About 32 kilometres southeast of Nymagee lies a sheep station called The Overflow - and that name carries one of the most beloved poems in Australia. In 1889, the bush poet Banjo Paterson published "Clancy of the Overflow," the daydream of a city clerk imagining a drover roaming "the wond'rous glory of the everlasting stars" while he sits chained to his dusty office. The poem famously grew from a real exchange: Paterson, then a solicitor, wrote to a man at a station called Overflow and got back the immortal reply that Clancy had "gone to Queensland droving, and we don't know where he are." The Clancy of the verse is a romantic invention, a composite, more dream than documentary - but the country that inspired it is exactly this: the wide, sunlit, plains-and-stars expanse that surrounds Nymagee, where a townsman's longing for the open road feels entirely understandable.

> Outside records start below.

(* Let $m>n$ be positive integers. (a) For every $\lambda\in X$, $x(\lambda)$ lies in the $\mathfrak T_{iso}$-orbit $\mathcal O$ of $\Lambda_0$. (b) For every $k\in\mathbb Z$, $\Lambda_0+kn\,\mathbf m\in\mathcal O$, where $\mathbf m=(m,\dots,m|m,\dots,m)$.
   Context: $X$ is the set of partitions $\lambda=(\lambda_1\ge\dots\ge\lambda_n\ge0)$ with $\lambda_1\le m$; $\lambda'_j=\#\{i:\lambda_i\ge j\}$. For $\lambda\in X$, $x(\lambda)=(a_1,\dots,a_n|b_1,\dots,b_m)\in\mathbb Z^{n|m}$ with $a_i=m(n-i)+n\lambda_{n+1-i}$, $b_j=n(j-1)+m\lambda'_j$; $\Lambda_0=x(\emptyset)=(m(n-1),\dots,m,0|0,n,\dots,n(m-1))$. For $\alpha=\epsilon_i-\delta_j$: $\Pi_\alpha=\{a_i=b_j\}$, $\Pi_{-\alpha}=\{a_i-b_j=n-m\}$, $\tau_\alpha:\Pi_\alpha\to\Pi_{-\alpha}$ adds $n$ to $a_i$ and $m$ to $b_j$, $\tau_{-\alpha}=\tau_\alpha^{-1}$. $\mathcal O$ is the set of elements obtained from $\Lambda_0$ by finite sequences of maps $\tau_{\pm\alpha}$, each applied on its domain. *)

From mathcomp Require Import all_boot all_order all_algebra.
Set Implicit Arguments. Unset Strict Implicit. Unset Printing Implicit Defensive.
Import Order.TTheory GRing.Theory Num.Theory.
Local Open Scope ring_scope.

(* Points of Z^{n|m}: (a_1..a_n | b_1..b_m), indices shifted to 0-based ordinals. *)
Definition pt (n m : nat) := ({ffun 'I_n -> int} * {ffun 'I_m -> int})%type.

(* X: partitions lambda_1 >= ... >= lambda_n >= 0 with lambda_1 <= m
   (lam i is lambda_{i+1}). *)
Definition inX (n m : nat) (lam : {ffun 'I_n -> nat}) : Prop :=
  (forall i j : 'I_n, (i <= j)%N -> (lam j <= lam i)%N) /\
  (forall i : 'I_n, (lam i <= m)%N).

Definition conjp (n : nat) (lam : {ffun 'I_n -> nat}) (j : nat) : nat :=
  #|[set i : 'I_n | (j <= lam i)%N]|.

(* x(lambda): a_i = m(n-i) + n lambda_{n+1-i},  b_j = n(j-1) + m lambda'_j
   with 1-based i, j; here i, j are 0-based, so i+1, j+1 are the paper's indices. *)
Definition xlam (n m : nat) (lam : {ffun 'I_n -> nat}) : pt n m :=
  ([ffun i : 'I_n => ((m * (n - (i.+1)) + n * lam (rev_ord i))%N)%:Z],
   [ffun j : 'I_m => ((n * j + m * conjp lam j.+1)%N)%:Z]).

(* Lambda_0 = x(empty) = (m(n-1),...,m,0 | 0,n,...,n(m-1)) *)
Definition Lambda0 (n m : nat) : pt n m :=
  ([ffun i : 'I_n => ((m * (n - (i.+1)))%N)%:Z],
   [ffun j : 'I_m => ((n * j)%N)%:Z]).

(* tau_alpha for alpha = eps_i - delta_j: defined on a_i = b_j,
   adds n to a_i and m to b_j. *)
Definition tau_plus (n m : nat) (i : 'I_n) (j : 'I_m) (x : pt n m) : pt n m :=
  ([ffun k => if k == i then x.1 k + n%:Z else x.1 k],
   [ffun l => if l == j then x.2 l + m%:Z else x.2 l]).

(* tau_{-alpha} = tau_alpha^{-1}: defined on a_i - b_j = n - m. *)
Definition tau_minus (n m : nat) (i : 'I_n) (j : 'I_m) (x : pt n m) : pt n m :=
  ([ffun k => if k == i then x.1 k - n%:Z else x.1 k],
   [ffun l => if l == j then x.2 l - m%:Z else x.2 l]).

Definition tau_step (n m : nat) (x y : pt n m) : Prop :=
  exists (i : 'I_n) (j : 'I_m),
    (x.1 i = x.2 j /\ y = tau_plus i j x) \/
    (x.1 i - x.2 j = n%:Z - m%:Z /\ y = tau_minus i j x).

Inductive inO (n m : nat) : pt n m -> Prop :=
  | inO_base : inO (Lambda0 n m)
  | inO_step : forall x y, inO x -> tau_step x y -> inO y.

Definition shift (n m : nat) (x : pt n m) (c : int) : pt n m :=
  ([ffun k => x.1 k + c], [ffun l => x.2 l + c]).

(** The maps [tau_alpha] commute with the diagonal shift and [tau_{-alpha}]
    undoes [tau_alpha], so [O] is a connected component of the graph of the
    maps.  Hence [O] is mapped to itself by the shift by [c] as soon as it
    contains [Lambda0 + c], and such [c] form a subgroup of [Z].
    (a) If [lambda] has a removable box at the end of row [rho], of length [c],
    and [mu] is [lambda] without it, then
    [a_{n+1-rho}(mu) = b_c(mu) = m(rho-1) + n(c-1)] and [x(lambda)] is
    [tau_alpha (x(mu))] for [alpha = eps_{n+1-rho} - delta_c]; induct on
    [|lambda|], starting from [x(empty) = Lambda0].
    (b) The full rectangle [(m,...,m)] has [x = Lambda0 + nm]. *)

From mathcomp Require Import all_boot all_order all_algebra.
From mathcomp Require Import zify ring.
Import Order.TTheory GRing.Theory Num.Theory.
Set Implicit Arguments. Unset Strict Implicit. Unset Printing Implicit Defensive.
Local Open Scope ring_scope.

Lemma card_ord_lt (n r : nat) : (r <= n)%N -> #|[set k : 'I_n | (k < r)%N]| = r.
Proof.
elim: r => [|r IHr] le_rn.
  by apply/eqP; rewrite cards_eq0; apply/eqP/setP => k; rewrite !inE.
have -> : [set k : 'I_n | (k < r.+1)%N] = Ordinal le_rn |: [set k : 'I_n | (k < r)%N].
  by apply/setP => k; rewrite !inE ltnS leq_eqVlt -val_eqE.
by rewrite cardsU1 inE ltnn IHr ?(ltnW le_rn).
Qed.

Lemma conjp_card_lt (n : nat) (lam : {ffun 'I_n -> nat}) (c r : nat) :
  (r <= n)%N -> (forall k : 'I_n, (c <= lam k)%N = (k < r)%N) -> conjp lam c = r.
Proof.
move=> le_rn lamE; rewrite /conjp -[RHS](card_ord_lt le_rn).
by apply: eq_card => k; rewrite !inE.
Qed.

Section Orbit.
Variables n m : nat.
Implicit Types x y : pt n m.

Lemma tau_step_sym x y : tau_step x y -> tau_step y x.
Proof.
case: x => x1 x2 [i [j [[xij ->]|[xij ->]]]]; exists i, j; [right|left]; split.
- by rewrite /= !ffunE !eqxx xij; ring.
- by congr (_, _); apply/ffunP => k; rewrite !ffunE; case: eqP; rewrite ?addrK.
- by rewrite /= !ffunE !eqxx -[x1 i](subrK (x2 j)) xij; ring.
- by congr (_, _); apply/ffunP => k; rewrite !ffunE; case: eqP; rewrite ?subrK.
Qed.

Lemma shift_shift x c d : shift (shift x c) d = shift x (c + d).
Proof. by congr (_, _); apply/ffunP => k; rewrite !ffunE addrA. Qed.

Lemma shift0 x : shift x 0 = x.
Proof. by case: x => x1 x2; congr (_, _); apply/ffunP => k; rewrite ffunE addr0. Qed.

Lemma tau_step_shift x y c : tau_step x y -> tau_step (shift x c) (shift y c).
Proof.
case=> i [j [[xij ->]|[xij ->]]]; exists i, j; [left|right]; split.
- by rewrite /= !ffunE xij.
- by congr (_, _); apply/ffunP => k; rewrite !ffunE; case: eqP => // _; rewrite addrAC.
- by rewrite /= !ffunE -xij; ring.
- by congr (_, _); apply/ffunP => k; rewrite !ffunE; case: eqP => // _; rewrite addrAC.
Qed.

Lemma inO_shiftP x c :
  inO x -> inO (shift x c) <-> inO (shift (Lambda0 n m) c).
Proof.
elim=> [|y z _ IHy yz]; first by [].
have shift_yz := tau_step_shift c yz.
split=> [Oz|/IHy Oy].
- by apply/IHy; apply: inO_step Oz (tau_step_sym shift_yz).
- exact: inO_step Oy shift_yz.
Qed.

Lemma inO_shiftD c d :
  inO (shift (Lambda0 n m) c) -> inO (shift (Lambda0 n m) d) ->
  inO (shift (Lambda0 n m) (c + d)).
Proof. by move=> Oc Od; rewrite -shift_shift; apply/(inO_shiftP d Oc). Qed.

Lemma inO_shiftN c :
  inO (shift (Lambda0 n m) c) -> inO (shift (Lambda0 n m) (- c)).
Proof.
move=> Oc; apply/(inO_shiftP (- c) Oc).
by rewrite shift_shift addrN shift0; apply: inO_base.
Qed.

Lemma inO_shiftMl c (k : int) :
  inO (shift (Lambda0 n m) c) -> inO (shift (Lambda0 n m) (k * c)).
Proof.
move=> Oc; elim/int_rec: k => [|k IHk|k IHk].
- by rewrite mul0r shift0; apply: inO_base.
- by rewrite -addn1 PoszD mulrDl mul1r; apply: inO_shiftD.
- by rewrite -addn1 PoszD opprD mulrDl mulN1r; apply: inO_shiftD => //; apply: inO_shiftN.
Qed.

End Orbit.

Definition remove_box (n : nat) (lam : {ffun 'I_n -> nat}) (r : 'I_n) :
  {ffun 'I_n -> nat} :=
  [ffun k => if k == r then (lam k).-1 else lam k].

Lemma sum_remove_box (n : nat) (lam : {ffun 'I_n -> nat}) (r : 'I_n) :
  (0 < lam r)%N -> (\sum_i lam i = (\sum_i remove_box lam r i).+1)%N.
Proof.
move=> lam_r_gt0; rewrite (bigD1 r) // [in RHS](bigD1 r) //= ffunE eqxx -addSn prednK //.
by congr (_ + _)%N; apply: eq_bigr => k /negPf neq_kr; rewrite ffunE neq_kr.
Qed.

Lemma exists_corner (n : nat) (lam : {ffun 'I_n -> nat}) (i : 'I_n) :
  (0 < lam i)%N ->
  exists r : 'I_n, (0 < lam r)%N /\ forall k : 'I_n, (r < k)%N -> (lam k < lam r)%N.
Proof.
move=> lam_i_gt0.
case: (@arg_maxnP _ i (fun k => 0 < lam k)%N (@nat_of_ord n) lam_i_gt0) => r lam_r_gt0 r_last.
exists r; split=> // k lt_rk; suff -> : lam k = 0%N by [].
by apply/eqP; rewrite -leqn0 leqNgt; apply: contraTN lt_rk => /r_last; rewrite -leqNgt.
Qed.

Section RemoveCorner.
Variables (n m : nat) (lam : {ffun 'I_n -> nat}) (r : 'I_n).
Hypotheses (lamX : inX m lam) (lam_r_gt0 : (0 < lam r)%N)
  (lam_corner : forall k : 'I_n, (r < k)%N -> (lam k < lam r)%N).

Let mu := remove_box lam r.

Lemma leq_corner k : (lam r <= lam k)%N = (k <= r)%N.
Proof.
case: (leqP k r) => [le_kr | lt_rk]; first exact: lamX.1.
by apply/negbTE; rewrite -ltnNge; apply: lam_corner.
Qed.

Lemma conjp_corner : conjp lam (lam r) = r.+1.
Proof. by apply: conjp_card_lt => [|k]; rewrite ?ltnS ?leq_corner. Qed.

Lemma conjp_remove_box_corner : conjp mu (lam r) = r.
Proof.
apply: conjp_card_lt => [|k]; first exact: ltnW.
rewrite ffunE; case: eqP => [->|/eqP neq_kr]; first by rewrite ltnn; lia.
by rewrite leq_corner ltn_neqAle val_eqE neq_kr.
Qed.

Lemma conjp_remove_box l : l != lam r -> conjp mu l = conjp lam l.
Proof.
move=> neq_l; apply: eq_card => k; rewrite !inE ffunE.
by case: eqP => [->|//]; move: neq_l; lia.
Qed.

Lemma inX_remove_box : inX m mu.
Proof.
case: lamX => lam_mono lam_le_m; split=> [i j le_ij|i]; rewrite !ffunE.
  case: (j =P r) => [Ejr | /eqP neq_jr]; case: (i =P r) => [Eir | _].
  - by rewrite Eir Ejr.
  - by subst j; have := lam_mono _ _ le_ij; lia.
  - by subst i; rewrite -ltnS prednK // lam_corner // ltn_neqAle val_eqE eq_sym neq_jr.
  - exact: lam_mono.
by case: eqP => _; have := lam_le_m i; lia.
Qed.

Lemma tau_step_remove_box : tau_step (xlam m mu) (xlam m lam).
Proof.
have lt_cm : ((lam r).-1 < m)%N by have := lamX.2 r; lia.
have pred_cK : (lam r).-1.+1 = lam r by lia.
have rev_rK : (n - (rev_ord r).+1 = r)%N by rewrite /= subnSK // subKn // ltnW.
exists (rev_ord r), (Ordinal lt_cm); left; split.
  by rewrite /= !ffunE rev_ordK eqxx pred_cK conjp_remove_box_corner rev_rK addnC.
congr (_, _); apply/ffunP => k; rewrite !ffunE.
  case: eqP => [->|neq_k]; first by rewrite rev_ordK eqxx rev_rK -PoszD; congr Posz; lia.
  by rewrite (_ : (rev_ord k == r) = false) //; apply/eqP => E; apply: neq_k; rewrite -E rev_ordK.
case: eqP => [->|/eqP neq_k] /=.
  by rewrite pred_cK conjp_corner conjp_remove_box_corner -PoszD; congr Posz; lia.
by rewrite conjp_remove_box //; apply: contra neq_k => /eqP E; rewrite -val_eqE /= -E.
Qed.

End RemoveCorner.

Lemma xlam_empty (n m : nat) (lam : {ffun 'I_n -> nat}) :
  (forall i, lam i = 0%N) -> xlam m lam = Lambda0 n m.
Proof.
move=> lam0; rewrite /xlam /Lambda0; congr (_, _); apply/ffunP => k; rewrite !ffunE.
  by rewrite lam0 muln0 addn0.
rewrite (@conjp_card_lt _ _ _ 0) ?muln0 ?addn0 // => i.
by rewrite lam0 ltn0.
Qed.

Lemma inO_xlam (n m : nat) (lam : {ffun 'I_n -> nat}) : inX m lam -> inO (xlam m lam).
Proof.
have [s] := ubnP (\sum_i lam i); elim: s lam => // s IHs lam lt_sum lamX.
have [i lam_i_gt0|lam0] := pickP (fun i => 0 < lam i)%N; last first.
  by rewrite xlam_empty => [|i]; [apply: inO_base | apply/eqP; rewrite -leqn0 leqNgt lam0].
have [r [lam_r_gt0 lam_corner]] := exists_corner lam_i_gt0.
apply: inO_step (tau_step_remove_box lamX lam_r_gt0 lam_corner).
apply: IHs; last exact: inX_remove_box.
by move: lt_sum; rewrite (sum_remove_box lam_r_gt0).
Qed.

Lemma shift_Lambda0_rectangle (n m : nat) :
  shift (Lambda0 n m) (n%:Z * m%:Z) = xlam m [ffun _ : 'I_n => m].
Proof.
rewrite /shift /xlam /=; congr (_, _); apply/ffunP => k; rewrite !ffunE -PoszM -PoszD //.
have conj_full : conjp [ffun _ : 'I_n => m] k.+1 = n.
  by apply: conjp_card_lt => // i; rewrite ffunE !ltn_ord.
by rewrite conj_full (mulnC m).
Qed.

Theorem corollary4p4 (n m : nat) (hn : (0 < n)%N) (hnm : (n < m)%N) :
  (forall lam : {ffun 'I_n -> nat}, inX m lam -> inO (xlam m lam)) /\
  (forall k : int, inO (shift (Lambda0 n m) (k * n%:Z * m%:Z))).
Proof.
split=> [lam|k]; first exact: inO_xlam.
rewrite -mulrA; apply: inO_shiftMl.
rewrite shift_Lambda0_rectangle; apply: inO_xlam.
by split=> [i j _|i]; rewrite !ffunE.
Qed.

Ghost towns do not always stay ghosts. In 1999 a handful of locals decided that the way to bring people back was to throw a party, and they launched an outback music festival. The first one drew 600 visitors - a startling number for a town that the census measures in the dozens - and it has been credited with lifting tourism and even nudging the permanent population back up. For a place that spent half a century living on hopes and memories, it is a fitting second act: not a mining revival, not a boom, but music carried across the plains for a weekend, drawing a crowd back to a town that simply refused to disappear. The copper that built Nymagee is long gone. The reason to come is now the country itself, and the people who never stopped loving it.
Nymagee sits at approximately 32.11 degrees south, 146.07 degrees east, in central-western NSW - about 618 km northwest of Sydney, 89 km south of Cobar and 130 km southwest of Nyngan, within Cobar Shire. From the air it is a small grid of streets and tin roofs adrift in semi-arid mulga and cleared grazing country, with the scars and spoil of the old copper mine nearby. The land is gently undulating with no major relief, so the town, its roads, and the mine workings are the main landmarks; The Overflow station lies roughly 32 km to the southeast. Nearest major airfield is Cobar Airport (YCBA) to the north; Nyngan also has an airstrip to the northeast. Recommended viewing altitude is 3,000-5,000 ft. Skies are typically clear and visibility long in this dry inland region, with heat haze and the occasional dust haze building over the plains on hot afternoons.